Yahoo announced what it calls the largest-ever public release of a machine learning dataset, some 13.5 terabytes worth of user interactions on the news feeds of assets such as Yahoo News, Sports, Finance, Movies, and Real Estate. But digital marketers shouldn’t get too excited just yet. For now, Yahoo is offering the huge data dump only to the academic research community (like MIT’s Computer Science and Aritificial Intelligence Lab, pictured above).
“Many academic researchers and data scientists don’t have access to truly large-scale datasets because it is traditionally a privilege reserved for large companies,” said Suju Rajan, director of research, Yahoo Labs, in press release. “We are releasing this dataset for independent researchers because we value open and collaborative relationships with our academic colleagues, and are always looking to advance the state-of-the-art in machine learning and recommender systems.”
The data consists of details on 20 million users and 110 billion events occurring between February and May 2015. Information such as age, gender, and region for a subset of the anonymous users is provided. On the item side, the title, summary, and key phrases of the news articles in question are also included. Events are time-stamped and contain some information about the types of devices used for access.

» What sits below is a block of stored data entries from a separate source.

Lemma ideal_msupp f : (forall m, m \in msupp f -> I << m >>) -> I f.
Proof.
move=> Imsupp; rewrite (monalgE f); apply: (ideal_sum idealI) => m mf.
by rewrite malgUZ; apply: (idealMl idealI); apply: Imsupp.
Qed.

Lemma ideal_cm_dvd r m : I << r >> -> (forall v, r v <= m v)%N -> I << m >>.
Proof.
move=> Ir rm; have -> : m = mmul r (divcm m r).
  by apply/eqP/cmP => v; rewrite cmM divcmE subnKC.
by rewrite malgUM mulrC; apply: (idealMl idealI).
Qed.

Lemma not_ideal_msupp f : ~ I f -> exists2 t, t \in msupp f & ~ I << t >>.
Proof.
move=> If; apply: NNPP => noWitness; apply/If/ideal_msupp => m mf.
by apply: NNPP => Im; apply: noWitness; exists m.
Qed.

Definition ideal_avoids V := forall r, I << r >> -> ~~ (finsupp r `<=` V)%fset.

Hypothesis monomialI : forall f m, I f -> m \in msupp f -> I << m >>.

Lemma restr_ideal_eq0 V f : ideal_avoids V -> I f -> restr V f = 0.
Proof. by move=> avV If; apply/eqP/restr_eq0P => m /(monomialI If)/avV. Qed.

Hypothesis rootI : forall t e, (0 < e)%N -> I << expcm t e >> -> I << t >>.

(* If r lies in I and only uses variables of t, then r divides a power of t. *)
Lemma ideal_avoids_finsupp t : ~ I << t >> -> ideal_avoids (finsupp t).
Proof.
move=> It r Ir; apply/negP => rt; apply: It; apply: (rootI (ltn0Sn (mdeg r))).
apply: (ideal_cm_dvd Ir) => v; rewrite expcmE.
have [vr|vr] := boolP (v \in finsupp r); last by rewrite cm_notin_finsupp.
have tv : (0 < t v)%N by rewrite lt0n cmE_neq0 (fsubsetP rt).
apply: leq_trans (cm_le_mdeg r v) _; apply: leq_trans (leqnSn _) _.
by rewrite leq_pmulr.
Qed.

Lemma radical_monomial_ideal : radical_ideal I.
Proof.
move=> a e e_gt0 Iae; apply: NNPP => /not_ideal_msupp[t ta It].
have := restr_ideal_eq0 (ideal_avoids_finsupp It) Iae.
by rewrite restrX; apply/eqP; rewrite expf_neq0 // (restr_neq0 ta).
Qed.

End MonomialIdeal.

Lemma sumn_mul_eq (J : eqType) (s : seq J) (F : J -> nat) (x : J) :
  uniq s -> (\sum_(v <- s) F v * (v == x))%N = if x \in s then F x else 0%N.
Proof.
elim: s => [|y s IH] /=; first by rewrite big_nil.
case/andP=> ys us; rewrite big_cons IH // in_cons.
case: (eqVneq y x) => [<-|_] /=; last by rewrite muln0.
by rewrite (negbTE ys) muln1 addn0.
Qed.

“The release of this large Yahoo News Feed dataset will be a tremendous asset for the academic research community, and for us at UMass particularly, given our major research activities in natural language processing, information retrieval, databases and computational social science,” said Andrew McCallum, director of UMass’s Center for Data Scientist.
Whether and when the embattled Yahoo will share such treasured data with commercial enterprises remains to be seen.